Drugmakers Merck and sanofi-aventis have each made versions of a T cell–stimulating vaccine by inserting HIV genes into a viral vector, or gene delivery system. Sanofi-aventis is conducting a phase III clinical trial in Thailand of its canarypox vector mixed with gp120. The results are due in 2009.
Merck has initiated a proof-of-concept phase IIb clinical trial to study the effectiveness of its adenovirus-based vaccine, along with subjects' resistance to infection by the relatively common adenovirus—a potential drawback to the vaccine. Results are expected as early as next year. The NIH's Vaccine Research Center (VRC) has developed a similar vaccine that is in earlier-stage testing.
"The immune response and the safety so far have put these out there further than the other candidates we have," says infectious disease specialist Scott Hammer of Columbia University, part of the team designing the VRC vaccine trial.
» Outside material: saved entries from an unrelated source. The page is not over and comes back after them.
Lemma down_degE w r : r < size w -> down_deg w r =
  count (fun x => x.+2 <= nth 0 w r) w + count (fun x => x.+1 == nth 0 w r) (take r w).
Proof.
move=> Hr; rewrite /down_deg (eq_count (a2 := predU
    (fun r' => (nth 0 w r').+2 <= nth 0 w r)
    (fun r' => (nth 0 w r == (nth 0 w r').+1) && (r' < r)))) //.
rewrite count_predU_disjoint; last by move=> x /=; lia.
congr addn; first exact: count_iota_nth.
rewrite -[RHS](count_iota_nth 0) size_take_min; have -> : minn r (size w) = r by lia.
rewrite -(subnKC (ltnW Hr)) iotaD count_cat add0n [X in _ + X](@eq_in_count _ _ pred0).
  rewrite count_pred0 addn0; apply: eq_in_count => i; rewrite mem_iota add0n => /andP[_ Hi].
  by rewrite /= nth_take // eq_sym Hi andbT.
by move=> i; rewrite mem_iota /=; lia.
Qed.

Lemma upx_band_shift d w :
  map (addn (count (fun x => x.+2 <= d) w)) (upx (band d w)) =
  map (down_deg w) [seq r <- iota 0 (size w) | nth 0 w r == d].
Proof.
rewrite upx_band -!map_comp; apply/eq_in_map => r.
by rewrite mem_filter mem_iota add0n => /andP[/eqP <- /andP[_ Hr]] /=; rewrite down_degE.
Qed.

Lemma upx_bands_from w k d :
  map (addn (count (fun x => x.+2 <= d) w))
      (upx (flatten [seq band d' w | d' <- iota d k])) =
  map (down_deg w) (flatten [seq [seq r <- iota 0 (size w) | nth 0 w r == d'] | d' <- iota d k]).
Proof.
elim: k d => [|k IH] d //=.
rewrite upx_cat !map_cat upx_band_shift -IH -map_comp; congr (_ ++ _).
apply: eq_map => x /=; rewrite rights_band addnA -count_predU_disjoint; last by move=> y /=; lia.
by congr addn; apply: eq_count => y /=; lia.
Qed.

Lemma upx_bands m w :
  upx (bands m w) = map (down_deg w) (key_sort (nth 0 w) (iota 0 (size w)) m).
Proof.
rewrite -(upx_bands_from w m 0) (@eq_count _ _ pred0) ?count_pred0 //.
by rewrite map_id_in.
Qed.

Section SortedRank.
Variables (T : eqType) (lt : rel T).
Hypothesis lt_trans : transitive lt.
Hypothesis lt_irr : irreflexive lt.
Hypothesis lt_total : forall a b, a != b -> lt a b || lt b a.

Lemma index_sorted L s : sorted lt L -> s \in L -> index s L = count (lt^~ s) L.
Proof.
elim: L => [|a L IH] //= Hs; rewrite inE.
have Ha : all (lt a) L by move: Hs; rewrite (path_sortedE lt_trans) => /andP[].
case: (a =P s) => [<- _|Has /= Hin]; last first.
  have {}Hin : s \in L by move: Hin; case: eqP => // E; rewrite E in Has.
  by rewrite (allP Ha s Hin) add1n IH // (path_sorted Hs).
rewrite lt_irr add0n (@eq_in_count _ _ pred0) ?count_pred0 // => x Hx /=.
by apply/negP => Hxa; have := lt_trans Hxa (allP Ha x Hx); rewrite lt_irr.
Qed.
Studies in monkeys seem to support the concept, but immunologist David Watkins of the University of Wisconsin–Madison, cautions against putting too much weight on the early results. Watkins and colleagues reported last year that rhesus monkeys injected with four genes from simian immunodeficiency virus—the ape version of HIV—had low levels of virus in their blood up to a year after infection but did not develop full-blown AIDS. "That was pretty encouraging," he says. But he notes that other monkey vaccines had provoked immune responses but did not ultimately control infections.
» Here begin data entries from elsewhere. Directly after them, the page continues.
Definition prec_hat (g : X -> D) (F : Xhat Om0 -> D) : Prop :=
  exists l, repr l g /\ forall p, In p l -> forall y, models y (fst p) -> snd p << F y.

Lemma prec_hat_phi R g : rounded_ideal Om0 le D0 R -> R g -> prec_hat g (phi_fun R).
Proof.
  intros HR Rg. destruct (proj2 (proj2 (proj2 HR)) g g Rg Rg) as [h [Rh [[l [Hg Hgh]] _]]].
  exists l; split; [exact Hg |]. intros p hp y Hyp.
  destruct (proj1 HR h Rh) as [lh Hh].
  destruct (generic_point y (fst p) lh (repr_basic lh h Hh) (repr_basic l g Hg p hp) Hyp)
    as [x0 [O' [HO' [HyO' [HO'p [Hx0 [Hsub Hgen]]]]]]].
  assert (Hhx0 : forall x, O' x -> le (h x0) (h x)).
  { intros x hx. apply (repr_le lh); [exact Hh |]. intros q hq hqx.
    apply (repr_ge lh h x q Hh hq), (Hsub q hq (Hgen q hq hqx)), hx. }
  apply (way_below_mono (snd p) (snd p) (h x0) (phi_fun R y)); [apply le_refl | apply Hgh; auto |].
  apply (proj1 (phi_fun_sup R y HR)); exists h; split; [exact Rh | exists O'; auto].
Qed.

Lemma rounded_ideal_above R O b : rounded_ideal Om0 le D0 R -> Om0 O ->
  (forall y, models y O -> b << phi_fun R y) -> exists h, R h /\ forall x, O x -> b << h x.
Proof.
  intros HR HO Hb.
  set (K := fun V => Om0 V /\ exists h, R h /\ forall x, V x -> b << h x).
  assert (HK : is_ideal Om0 K).
  { split; [| split; [| split]].
    - intros V [HV _]; exact HV.
    - destruct (proj1 (proj2 HR)) as [h Rh].
      exists (fun _ => False); split; [exact Om0_False | exists h; split; [exact Rh | intros x []]].
    - intros V W [_ [h [Rh Hh]]] HW HWV.
      split; [exact HW | exists h; split; [exact Rh | intros x hx; apply Hh, HWV, hx]].
    - intros V W [HV [h1 [Rh1 H1]]] [HW [h2 [Rh2 H2]]].
      destruct (rounded_ideal_ub R h1 h2 HR Rh1 Rh2) as [h [Rh [Hh1 Hh2]]].
      exists (fun x => V x \/ W x).
      split; [split; [apply Om0_or; assumption |] | split; intros x hx; auto].
      exists h; split; [exact Rh |]. intros x [hx|hx];
        [apply (way_below_mono b b (h1 x)) | apply (way_below_mono b b (h2 x))]; auto. }
  destruct (ideal_mem_of_points K O HK HO) as [_ Hh]; [| exact Hh].
  intros y HyO.
  destruct (way_below_directed_sup _ _ b (approximants_directed R y HR) (phi_fun_sup R y HR) (Hb y HyO))
    as [d [[h [Rh [V [HV [HyV HdV]]]]] Hbd]].
  apply (point_of_models y K V HK); [| exact HyV].
  split; [exact HV | exists h; split; [exact Rh |]].
  intros x hx; apply (way_below_mono b b d (h x)); auto.
Qed.

Lemma rounded_ideal_above_list R l : rounded_ideal Om0 le D0 R -> basic_family l ->
  (forall p, In p l -> forall y, models y (fst p) -> snd p << phi_fun R y) ->
  exists h, R h /\ forall p, In p l -> forall x, fst p x -> snd p << h x.
Proof.
  intros HR. induction l as [| a l IH]; intros Hl Hw.
  - destruct (proj1 (proj2 HR)) as [h Rh]; exists h; split; [exact Rh | intros p []].
  - destruct (basic_family_cons a l Hl) as [Ha Hl'].
    destruct (IH Hl') as [h1 [Rh1 H1]]; [intros p hp; apply Hw; right; exact hp |].
    destruct (rounded_ideal_above R (fst a) (snd a) HR Ha) as [h2 [Rh2 H2]];
      [apply Hw; left; reflexivity |].
    destruct (rounded_ideal_ub R h1 h2 HR Rh1 Rh2) as [h [Rh [Hh1 Hh2]]].
    exists h; split; [exact Rh |]. intros p [E | hp] x hx.
    + subst p; apply (way_below_mono (snd a) (snd a) (h2 x) (h x)); auto.
    + apply (way_below_mono (snd p) (snd p) (h1 x) (h x)); auto.
Qed.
The ability of HIV to mutate rapidly remains one of the biggest obstacles to a successful vaccine. The DNA sequences of HIV particles in a single person can be as diverse as those of all the influenza viruses in the world. A vaccine that produces an immune response against one HIV sequence may have no effect on other strains.
Hammer says the VRC vaccine tries to solve this problem by including three variants of the HIV envelope gene—the one that most readily mutates to resist treatment. Merck began a second trial of its vaccine in February in South Africa, where the circulating virus differs from the one the vaccine is based on.
T cell–stimulating vaccines may lead to the destruction of cells infected with HIV, preventing them from reproducing. But experts say it probably would not trigger the immune system to make antibodies, and would, therefore, only be partially effective. "You're trying to control replication, not prevent infection," says Watkins, "although, who knows? Maybe a T cell vaccine could do that."
A successful T cell vaccine would be a step along the way (Merck calls its trial the "step" trial) but it could be a significant step. The IAVI estimates that even a 30 percent effective vaccine given to 20 percent of those at risk would avert 5.5 million infections worldwide between 2015 and 2030—or 11 percent of estimated new infections—compared with 28 million infections averted during that same period by a 70 percent effective vaccine administered to twice as many patients.
Still, there are no guarantees. "We should never assume that what we have is going to work," says Mitchell Warren, executive director of the AIDS Vaccine Advocacy Coalition in New York City. "We've got some very good candidates," adds the IAVI's Berkley, "and if they work it's going to be about access" for developing countries. "We have to make sure there's going to be the political and financial commitment to drive this effort forward, no matter the results of these trials."
In the future, researchers hope to find new candidates for antibody vaccines by building on the success of the T cell approach or to replace it if it fails. Some people infected with HIV generate antibodies that fend off the virus successfully for decades. Researchers have isolated and are studying the structure of several of these natural molecules. The IAVI established its neutralizing antibody consortium in 2002 to speed the discovery of substances that prod the immune system to generate the HIV-fighting antibodies.